(Beginning of Record extracts)
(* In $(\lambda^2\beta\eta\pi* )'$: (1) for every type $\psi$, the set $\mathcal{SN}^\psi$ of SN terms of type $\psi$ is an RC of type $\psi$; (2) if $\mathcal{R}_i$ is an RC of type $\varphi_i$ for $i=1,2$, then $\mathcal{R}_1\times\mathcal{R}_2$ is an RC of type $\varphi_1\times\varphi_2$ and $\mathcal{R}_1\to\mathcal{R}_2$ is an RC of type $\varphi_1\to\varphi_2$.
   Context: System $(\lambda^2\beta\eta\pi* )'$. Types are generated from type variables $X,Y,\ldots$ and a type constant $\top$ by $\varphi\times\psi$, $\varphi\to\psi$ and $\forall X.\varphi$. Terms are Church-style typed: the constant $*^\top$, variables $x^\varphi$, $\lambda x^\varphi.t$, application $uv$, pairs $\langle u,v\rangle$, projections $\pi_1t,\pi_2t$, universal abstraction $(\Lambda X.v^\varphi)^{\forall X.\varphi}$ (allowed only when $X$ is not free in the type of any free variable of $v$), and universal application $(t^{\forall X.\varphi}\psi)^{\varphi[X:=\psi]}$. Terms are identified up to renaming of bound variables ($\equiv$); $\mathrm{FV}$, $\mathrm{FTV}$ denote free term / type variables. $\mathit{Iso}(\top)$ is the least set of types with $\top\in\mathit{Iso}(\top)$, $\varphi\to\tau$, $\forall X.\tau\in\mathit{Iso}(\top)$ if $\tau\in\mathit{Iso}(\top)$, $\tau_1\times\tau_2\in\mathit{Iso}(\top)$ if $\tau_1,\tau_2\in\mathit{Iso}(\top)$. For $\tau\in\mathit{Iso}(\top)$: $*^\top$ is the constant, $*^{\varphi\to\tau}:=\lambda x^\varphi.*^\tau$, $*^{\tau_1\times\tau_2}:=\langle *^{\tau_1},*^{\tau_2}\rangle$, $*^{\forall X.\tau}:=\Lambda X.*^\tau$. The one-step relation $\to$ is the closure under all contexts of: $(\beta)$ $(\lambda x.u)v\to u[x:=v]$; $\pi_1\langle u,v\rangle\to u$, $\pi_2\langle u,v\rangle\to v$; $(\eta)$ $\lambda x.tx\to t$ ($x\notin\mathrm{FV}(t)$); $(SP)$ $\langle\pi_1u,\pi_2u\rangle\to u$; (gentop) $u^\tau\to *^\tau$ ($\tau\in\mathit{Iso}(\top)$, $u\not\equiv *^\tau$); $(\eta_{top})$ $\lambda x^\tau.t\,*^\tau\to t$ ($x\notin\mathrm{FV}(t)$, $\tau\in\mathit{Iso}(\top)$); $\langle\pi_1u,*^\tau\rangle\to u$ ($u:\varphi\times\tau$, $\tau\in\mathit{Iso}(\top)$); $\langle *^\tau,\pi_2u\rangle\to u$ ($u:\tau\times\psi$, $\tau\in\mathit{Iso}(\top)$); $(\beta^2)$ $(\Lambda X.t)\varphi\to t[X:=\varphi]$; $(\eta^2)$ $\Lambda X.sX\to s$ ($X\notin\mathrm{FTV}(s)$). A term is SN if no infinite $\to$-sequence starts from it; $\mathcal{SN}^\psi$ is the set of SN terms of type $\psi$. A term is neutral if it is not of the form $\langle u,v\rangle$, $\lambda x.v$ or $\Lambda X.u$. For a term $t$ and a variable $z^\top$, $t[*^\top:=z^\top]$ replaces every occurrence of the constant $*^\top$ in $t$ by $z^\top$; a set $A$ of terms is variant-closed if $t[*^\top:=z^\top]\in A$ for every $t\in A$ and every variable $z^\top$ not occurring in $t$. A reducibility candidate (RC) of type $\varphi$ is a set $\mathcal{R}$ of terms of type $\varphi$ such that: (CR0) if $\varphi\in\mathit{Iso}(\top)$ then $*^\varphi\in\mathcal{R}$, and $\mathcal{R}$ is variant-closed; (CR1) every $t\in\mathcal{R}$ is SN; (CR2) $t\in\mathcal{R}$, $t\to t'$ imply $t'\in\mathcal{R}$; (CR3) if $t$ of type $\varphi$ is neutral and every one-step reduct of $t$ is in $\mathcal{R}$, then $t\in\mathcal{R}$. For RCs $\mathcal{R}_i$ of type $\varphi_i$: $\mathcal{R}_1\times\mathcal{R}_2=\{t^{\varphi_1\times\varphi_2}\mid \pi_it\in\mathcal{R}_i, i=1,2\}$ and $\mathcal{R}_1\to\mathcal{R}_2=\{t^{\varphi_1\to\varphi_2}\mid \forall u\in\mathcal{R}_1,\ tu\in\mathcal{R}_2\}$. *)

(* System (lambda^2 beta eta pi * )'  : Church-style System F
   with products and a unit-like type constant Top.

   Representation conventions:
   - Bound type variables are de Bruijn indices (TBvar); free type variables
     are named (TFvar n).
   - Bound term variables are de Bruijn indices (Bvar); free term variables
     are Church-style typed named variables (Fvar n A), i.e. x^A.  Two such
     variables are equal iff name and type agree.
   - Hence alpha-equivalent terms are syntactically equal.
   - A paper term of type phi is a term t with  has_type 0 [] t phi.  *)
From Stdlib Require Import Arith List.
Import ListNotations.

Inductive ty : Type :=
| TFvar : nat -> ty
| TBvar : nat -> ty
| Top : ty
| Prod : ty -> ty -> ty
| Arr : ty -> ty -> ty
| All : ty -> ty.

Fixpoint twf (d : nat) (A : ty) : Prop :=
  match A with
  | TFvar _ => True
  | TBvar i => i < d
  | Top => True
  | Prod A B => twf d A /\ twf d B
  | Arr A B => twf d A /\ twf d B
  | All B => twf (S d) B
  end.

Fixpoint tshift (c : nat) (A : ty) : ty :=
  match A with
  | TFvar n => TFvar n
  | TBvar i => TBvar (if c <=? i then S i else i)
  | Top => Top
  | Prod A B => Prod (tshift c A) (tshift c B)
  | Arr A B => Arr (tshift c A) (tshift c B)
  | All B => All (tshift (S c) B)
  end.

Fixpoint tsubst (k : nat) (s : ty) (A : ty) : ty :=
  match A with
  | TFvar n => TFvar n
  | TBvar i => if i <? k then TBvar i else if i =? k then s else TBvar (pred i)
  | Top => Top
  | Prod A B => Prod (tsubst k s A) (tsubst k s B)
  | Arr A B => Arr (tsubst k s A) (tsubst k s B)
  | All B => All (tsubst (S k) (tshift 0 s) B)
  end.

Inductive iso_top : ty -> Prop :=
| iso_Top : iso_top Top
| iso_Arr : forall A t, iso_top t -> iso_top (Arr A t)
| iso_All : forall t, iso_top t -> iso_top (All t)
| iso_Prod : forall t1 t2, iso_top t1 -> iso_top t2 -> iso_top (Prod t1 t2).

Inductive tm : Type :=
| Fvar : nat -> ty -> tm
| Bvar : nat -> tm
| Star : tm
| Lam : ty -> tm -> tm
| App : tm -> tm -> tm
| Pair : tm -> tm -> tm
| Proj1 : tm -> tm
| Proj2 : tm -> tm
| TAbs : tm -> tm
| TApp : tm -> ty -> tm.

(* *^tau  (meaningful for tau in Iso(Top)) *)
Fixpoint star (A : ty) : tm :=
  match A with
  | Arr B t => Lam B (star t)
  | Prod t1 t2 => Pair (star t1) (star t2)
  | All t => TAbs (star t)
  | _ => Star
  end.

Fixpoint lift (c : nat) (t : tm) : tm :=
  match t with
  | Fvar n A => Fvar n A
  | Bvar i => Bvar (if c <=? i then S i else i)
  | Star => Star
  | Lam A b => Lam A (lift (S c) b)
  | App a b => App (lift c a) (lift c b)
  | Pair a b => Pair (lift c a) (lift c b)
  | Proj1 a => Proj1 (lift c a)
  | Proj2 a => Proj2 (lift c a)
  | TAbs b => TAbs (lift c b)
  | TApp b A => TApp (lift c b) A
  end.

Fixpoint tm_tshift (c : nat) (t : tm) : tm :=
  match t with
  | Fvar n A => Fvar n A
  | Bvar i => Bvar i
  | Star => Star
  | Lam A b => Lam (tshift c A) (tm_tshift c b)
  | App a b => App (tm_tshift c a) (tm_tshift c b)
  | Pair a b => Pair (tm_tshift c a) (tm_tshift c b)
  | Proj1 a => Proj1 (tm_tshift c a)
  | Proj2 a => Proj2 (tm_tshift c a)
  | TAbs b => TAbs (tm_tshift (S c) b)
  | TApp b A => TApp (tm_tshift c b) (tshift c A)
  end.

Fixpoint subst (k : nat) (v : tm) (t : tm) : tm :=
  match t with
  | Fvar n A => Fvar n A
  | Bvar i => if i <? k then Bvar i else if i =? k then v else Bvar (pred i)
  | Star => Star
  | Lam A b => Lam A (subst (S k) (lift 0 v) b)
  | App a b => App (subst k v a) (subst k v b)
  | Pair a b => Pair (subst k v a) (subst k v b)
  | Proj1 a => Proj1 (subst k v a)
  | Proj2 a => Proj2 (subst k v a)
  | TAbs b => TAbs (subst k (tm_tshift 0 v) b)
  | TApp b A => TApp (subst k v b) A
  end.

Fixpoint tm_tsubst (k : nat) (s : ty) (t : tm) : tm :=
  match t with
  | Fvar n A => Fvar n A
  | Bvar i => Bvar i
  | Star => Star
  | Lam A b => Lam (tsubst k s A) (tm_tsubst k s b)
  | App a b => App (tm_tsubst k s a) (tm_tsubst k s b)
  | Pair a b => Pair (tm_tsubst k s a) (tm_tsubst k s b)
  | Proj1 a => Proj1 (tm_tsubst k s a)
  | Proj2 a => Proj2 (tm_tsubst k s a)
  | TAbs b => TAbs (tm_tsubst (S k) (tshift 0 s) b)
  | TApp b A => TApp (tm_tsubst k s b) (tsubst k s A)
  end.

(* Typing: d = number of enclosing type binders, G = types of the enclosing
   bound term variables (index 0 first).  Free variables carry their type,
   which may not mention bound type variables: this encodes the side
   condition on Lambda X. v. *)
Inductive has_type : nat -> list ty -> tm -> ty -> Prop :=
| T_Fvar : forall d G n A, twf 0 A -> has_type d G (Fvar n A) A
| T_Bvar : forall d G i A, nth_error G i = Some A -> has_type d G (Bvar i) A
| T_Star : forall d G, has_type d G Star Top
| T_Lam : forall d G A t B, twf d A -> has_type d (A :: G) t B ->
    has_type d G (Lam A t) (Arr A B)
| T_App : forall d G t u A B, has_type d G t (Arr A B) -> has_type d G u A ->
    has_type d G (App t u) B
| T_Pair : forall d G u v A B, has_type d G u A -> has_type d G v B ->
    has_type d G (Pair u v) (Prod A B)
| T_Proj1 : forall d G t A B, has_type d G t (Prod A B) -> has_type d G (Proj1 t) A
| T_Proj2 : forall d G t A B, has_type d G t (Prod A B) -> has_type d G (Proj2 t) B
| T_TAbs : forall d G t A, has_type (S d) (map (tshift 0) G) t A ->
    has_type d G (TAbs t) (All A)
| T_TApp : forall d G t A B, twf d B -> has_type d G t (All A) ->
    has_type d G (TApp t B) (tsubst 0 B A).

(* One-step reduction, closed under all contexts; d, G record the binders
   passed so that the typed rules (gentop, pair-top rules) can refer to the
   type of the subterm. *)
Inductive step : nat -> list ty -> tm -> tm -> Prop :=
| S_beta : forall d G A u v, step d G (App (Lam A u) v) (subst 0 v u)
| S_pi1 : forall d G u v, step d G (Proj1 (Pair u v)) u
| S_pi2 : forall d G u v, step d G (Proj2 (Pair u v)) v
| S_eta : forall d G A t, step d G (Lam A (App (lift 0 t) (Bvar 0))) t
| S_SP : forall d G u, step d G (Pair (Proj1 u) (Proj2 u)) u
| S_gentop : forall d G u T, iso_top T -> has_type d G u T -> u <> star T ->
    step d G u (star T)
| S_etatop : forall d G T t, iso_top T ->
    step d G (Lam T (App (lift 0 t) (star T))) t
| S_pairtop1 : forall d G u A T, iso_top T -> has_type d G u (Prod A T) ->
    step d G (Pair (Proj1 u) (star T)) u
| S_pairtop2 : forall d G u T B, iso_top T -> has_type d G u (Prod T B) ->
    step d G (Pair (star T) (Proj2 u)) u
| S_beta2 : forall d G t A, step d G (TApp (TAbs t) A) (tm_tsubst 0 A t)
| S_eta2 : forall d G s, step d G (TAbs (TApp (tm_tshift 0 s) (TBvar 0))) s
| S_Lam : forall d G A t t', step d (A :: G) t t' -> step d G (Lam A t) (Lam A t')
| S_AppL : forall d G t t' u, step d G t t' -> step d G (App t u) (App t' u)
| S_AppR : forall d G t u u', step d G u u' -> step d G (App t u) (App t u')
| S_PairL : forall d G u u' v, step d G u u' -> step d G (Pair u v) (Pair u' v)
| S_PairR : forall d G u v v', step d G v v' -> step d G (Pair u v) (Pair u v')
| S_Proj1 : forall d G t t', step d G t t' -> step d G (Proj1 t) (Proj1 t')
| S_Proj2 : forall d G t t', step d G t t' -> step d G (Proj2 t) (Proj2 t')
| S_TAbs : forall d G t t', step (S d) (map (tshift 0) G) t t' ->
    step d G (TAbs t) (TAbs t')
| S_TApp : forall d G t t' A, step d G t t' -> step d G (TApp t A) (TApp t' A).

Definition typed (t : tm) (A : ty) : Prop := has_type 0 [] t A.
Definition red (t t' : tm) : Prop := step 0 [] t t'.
(End of Record extracts)
(Beginning of Record extracts)
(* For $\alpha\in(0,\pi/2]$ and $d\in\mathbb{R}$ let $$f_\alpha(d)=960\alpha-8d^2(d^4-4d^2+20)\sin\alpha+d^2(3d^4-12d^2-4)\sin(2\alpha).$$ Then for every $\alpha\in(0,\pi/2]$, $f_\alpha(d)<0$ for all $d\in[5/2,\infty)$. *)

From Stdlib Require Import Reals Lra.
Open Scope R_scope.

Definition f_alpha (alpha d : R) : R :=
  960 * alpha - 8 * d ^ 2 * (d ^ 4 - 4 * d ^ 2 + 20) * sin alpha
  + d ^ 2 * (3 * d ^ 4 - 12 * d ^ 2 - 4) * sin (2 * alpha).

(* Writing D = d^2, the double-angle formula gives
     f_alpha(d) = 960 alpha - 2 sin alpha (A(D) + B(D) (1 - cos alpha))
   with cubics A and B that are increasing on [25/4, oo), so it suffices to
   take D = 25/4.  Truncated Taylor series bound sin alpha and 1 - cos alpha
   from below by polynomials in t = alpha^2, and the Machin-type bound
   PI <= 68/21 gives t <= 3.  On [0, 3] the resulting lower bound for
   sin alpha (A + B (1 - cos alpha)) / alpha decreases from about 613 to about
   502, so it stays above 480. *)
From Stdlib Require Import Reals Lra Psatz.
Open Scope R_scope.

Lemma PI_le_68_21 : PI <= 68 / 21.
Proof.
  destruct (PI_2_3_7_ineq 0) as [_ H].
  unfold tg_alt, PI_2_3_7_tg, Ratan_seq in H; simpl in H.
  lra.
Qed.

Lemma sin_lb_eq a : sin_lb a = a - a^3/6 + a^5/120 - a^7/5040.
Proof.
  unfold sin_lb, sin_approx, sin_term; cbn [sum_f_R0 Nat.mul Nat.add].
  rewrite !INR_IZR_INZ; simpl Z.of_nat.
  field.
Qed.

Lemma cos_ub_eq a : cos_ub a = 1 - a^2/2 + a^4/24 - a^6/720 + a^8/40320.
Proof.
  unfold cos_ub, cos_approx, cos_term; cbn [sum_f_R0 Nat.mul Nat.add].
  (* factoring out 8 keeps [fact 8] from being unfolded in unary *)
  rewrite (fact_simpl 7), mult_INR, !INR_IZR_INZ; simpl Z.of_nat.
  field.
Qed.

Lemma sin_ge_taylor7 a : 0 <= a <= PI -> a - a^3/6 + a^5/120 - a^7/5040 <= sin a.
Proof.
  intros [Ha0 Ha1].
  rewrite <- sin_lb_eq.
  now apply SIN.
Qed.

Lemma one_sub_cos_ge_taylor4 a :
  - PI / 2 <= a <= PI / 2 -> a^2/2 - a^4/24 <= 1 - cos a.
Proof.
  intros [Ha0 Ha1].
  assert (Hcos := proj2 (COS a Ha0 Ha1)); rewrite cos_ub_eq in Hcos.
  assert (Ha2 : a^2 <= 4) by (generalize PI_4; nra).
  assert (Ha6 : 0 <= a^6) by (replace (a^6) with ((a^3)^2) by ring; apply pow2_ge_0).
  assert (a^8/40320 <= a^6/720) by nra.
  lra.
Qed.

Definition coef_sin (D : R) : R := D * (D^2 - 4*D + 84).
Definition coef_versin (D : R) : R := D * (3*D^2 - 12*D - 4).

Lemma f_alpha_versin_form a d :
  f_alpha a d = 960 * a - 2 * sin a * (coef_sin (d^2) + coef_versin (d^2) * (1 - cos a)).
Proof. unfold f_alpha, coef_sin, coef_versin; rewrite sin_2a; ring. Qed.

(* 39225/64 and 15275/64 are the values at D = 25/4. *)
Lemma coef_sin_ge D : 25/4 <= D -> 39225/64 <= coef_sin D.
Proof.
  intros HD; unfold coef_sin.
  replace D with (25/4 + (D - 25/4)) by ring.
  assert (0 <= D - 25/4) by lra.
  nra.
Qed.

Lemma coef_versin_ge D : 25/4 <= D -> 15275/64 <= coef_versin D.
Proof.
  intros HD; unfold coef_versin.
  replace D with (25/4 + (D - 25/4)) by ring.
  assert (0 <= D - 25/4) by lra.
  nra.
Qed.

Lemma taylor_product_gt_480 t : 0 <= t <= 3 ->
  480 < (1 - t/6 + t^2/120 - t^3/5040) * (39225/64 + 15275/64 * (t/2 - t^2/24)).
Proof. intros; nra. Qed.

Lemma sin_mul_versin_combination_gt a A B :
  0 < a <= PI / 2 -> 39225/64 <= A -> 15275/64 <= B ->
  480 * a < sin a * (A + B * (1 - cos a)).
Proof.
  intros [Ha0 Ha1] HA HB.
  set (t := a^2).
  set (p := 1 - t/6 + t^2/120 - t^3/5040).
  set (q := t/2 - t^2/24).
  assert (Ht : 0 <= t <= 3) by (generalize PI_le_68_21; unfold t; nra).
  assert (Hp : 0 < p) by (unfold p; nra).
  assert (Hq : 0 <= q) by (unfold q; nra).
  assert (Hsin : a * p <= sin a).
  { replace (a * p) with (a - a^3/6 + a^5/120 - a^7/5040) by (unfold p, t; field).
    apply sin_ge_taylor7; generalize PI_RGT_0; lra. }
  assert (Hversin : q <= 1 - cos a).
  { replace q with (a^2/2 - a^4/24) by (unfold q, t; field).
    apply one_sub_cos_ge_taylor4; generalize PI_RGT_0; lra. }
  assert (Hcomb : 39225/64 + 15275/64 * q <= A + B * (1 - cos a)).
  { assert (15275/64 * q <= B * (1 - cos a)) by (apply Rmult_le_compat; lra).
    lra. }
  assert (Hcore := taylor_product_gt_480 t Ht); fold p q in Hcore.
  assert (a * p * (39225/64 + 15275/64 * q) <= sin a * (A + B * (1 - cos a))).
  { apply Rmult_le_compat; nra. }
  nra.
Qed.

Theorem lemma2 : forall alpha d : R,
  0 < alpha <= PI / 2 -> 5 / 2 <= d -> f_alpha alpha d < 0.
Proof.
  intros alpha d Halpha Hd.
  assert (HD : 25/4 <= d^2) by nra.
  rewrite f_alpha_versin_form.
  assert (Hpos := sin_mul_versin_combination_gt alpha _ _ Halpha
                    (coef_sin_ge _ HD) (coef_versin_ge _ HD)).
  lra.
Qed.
(End of Record extracts)
(Beginning of Record extracts)
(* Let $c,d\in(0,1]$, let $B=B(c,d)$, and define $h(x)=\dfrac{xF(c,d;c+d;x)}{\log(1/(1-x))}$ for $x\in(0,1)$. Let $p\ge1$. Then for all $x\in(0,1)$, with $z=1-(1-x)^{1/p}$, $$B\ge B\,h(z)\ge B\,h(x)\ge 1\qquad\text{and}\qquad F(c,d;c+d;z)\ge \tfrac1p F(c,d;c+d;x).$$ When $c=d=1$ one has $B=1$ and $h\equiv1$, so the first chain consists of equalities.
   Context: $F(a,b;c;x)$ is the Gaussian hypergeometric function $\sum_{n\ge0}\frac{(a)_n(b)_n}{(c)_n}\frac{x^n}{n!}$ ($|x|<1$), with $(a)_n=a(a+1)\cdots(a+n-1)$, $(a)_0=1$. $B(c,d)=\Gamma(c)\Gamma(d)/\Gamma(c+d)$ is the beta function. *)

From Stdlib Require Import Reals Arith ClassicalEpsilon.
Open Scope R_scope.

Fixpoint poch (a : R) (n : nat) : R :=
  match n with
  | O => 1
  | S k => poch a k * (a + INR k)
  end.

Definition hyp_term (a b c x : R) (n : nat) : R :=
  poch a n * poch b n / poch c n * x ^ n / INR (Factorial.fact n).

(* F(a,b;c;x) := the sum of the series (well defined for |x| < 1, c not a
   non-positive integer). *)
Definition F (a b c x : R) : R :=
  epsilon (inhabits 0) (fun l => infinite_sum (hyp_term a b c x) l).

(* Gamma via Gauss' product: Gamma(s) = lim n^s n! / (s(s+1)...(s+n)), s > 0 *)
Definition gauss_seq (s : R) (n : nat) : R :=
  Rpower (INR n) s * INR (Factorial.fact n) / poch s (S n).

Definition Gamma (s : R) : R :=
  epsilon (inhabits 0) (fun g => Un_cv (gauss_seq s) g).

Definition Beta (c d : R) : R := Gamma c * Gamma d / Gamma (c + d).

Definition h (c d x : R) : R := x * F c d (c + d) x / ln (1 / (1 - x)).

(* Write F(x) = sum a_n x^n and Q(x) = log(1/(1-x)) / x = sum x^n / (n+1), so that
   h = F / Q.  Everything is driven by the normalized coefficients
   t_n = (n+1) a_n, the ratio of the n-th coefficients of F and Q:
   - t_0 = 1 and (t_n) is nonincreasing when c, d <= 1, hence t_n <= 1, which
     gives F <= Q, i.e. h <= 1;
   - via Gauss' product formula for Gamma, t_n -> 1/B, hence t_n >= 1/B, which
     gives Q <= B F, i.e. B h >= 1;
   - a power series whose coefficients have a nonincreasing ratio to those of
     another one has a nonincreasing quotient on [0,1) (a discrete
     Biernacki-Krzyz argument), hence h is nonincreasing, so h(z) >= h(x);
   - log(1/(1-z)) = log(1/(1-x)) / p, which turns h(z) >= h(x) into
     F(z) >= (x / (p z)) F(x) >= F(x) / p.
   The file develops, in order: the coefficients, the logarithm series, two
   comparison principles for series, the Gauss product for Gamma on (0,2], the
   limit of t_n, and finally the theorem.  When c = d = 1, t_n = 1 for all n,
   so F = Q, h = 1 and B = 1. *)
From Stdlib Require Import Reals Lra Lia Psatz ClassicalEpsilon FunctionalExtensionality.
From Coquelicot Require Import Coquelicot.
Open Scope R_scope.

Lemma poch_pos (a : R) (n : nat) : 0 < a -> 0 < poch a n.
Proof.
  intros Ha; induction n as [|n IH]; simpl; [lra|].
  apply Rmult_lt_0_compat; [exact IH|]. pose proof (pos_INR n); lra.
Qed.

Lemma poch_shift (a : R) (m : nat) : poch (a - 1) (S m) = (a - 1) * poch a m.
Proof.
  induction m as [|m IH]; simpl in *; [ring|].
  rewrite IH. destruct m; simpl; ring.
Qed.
(End of Record extracts)
> What is being asked: Return, with no change at all, every line in the entries above from the line containing "(Pair u v)) u" through the line containing "u) (Proj2 u)) u".

> Written response:
| S_pi1 : forall d G u v, step d G (Proj1 (Pair u v)) u
| S_pi2 : forall d G u v, step d G (Proj2 (Pair u v)) v
| S_eta : forall d G A t, step d G (Lam A (App (lift 0 t) (Bvar 0))) t
| S_SP : forall d G u, step d G (Pair (Proj1 u) (Proj2 u)) u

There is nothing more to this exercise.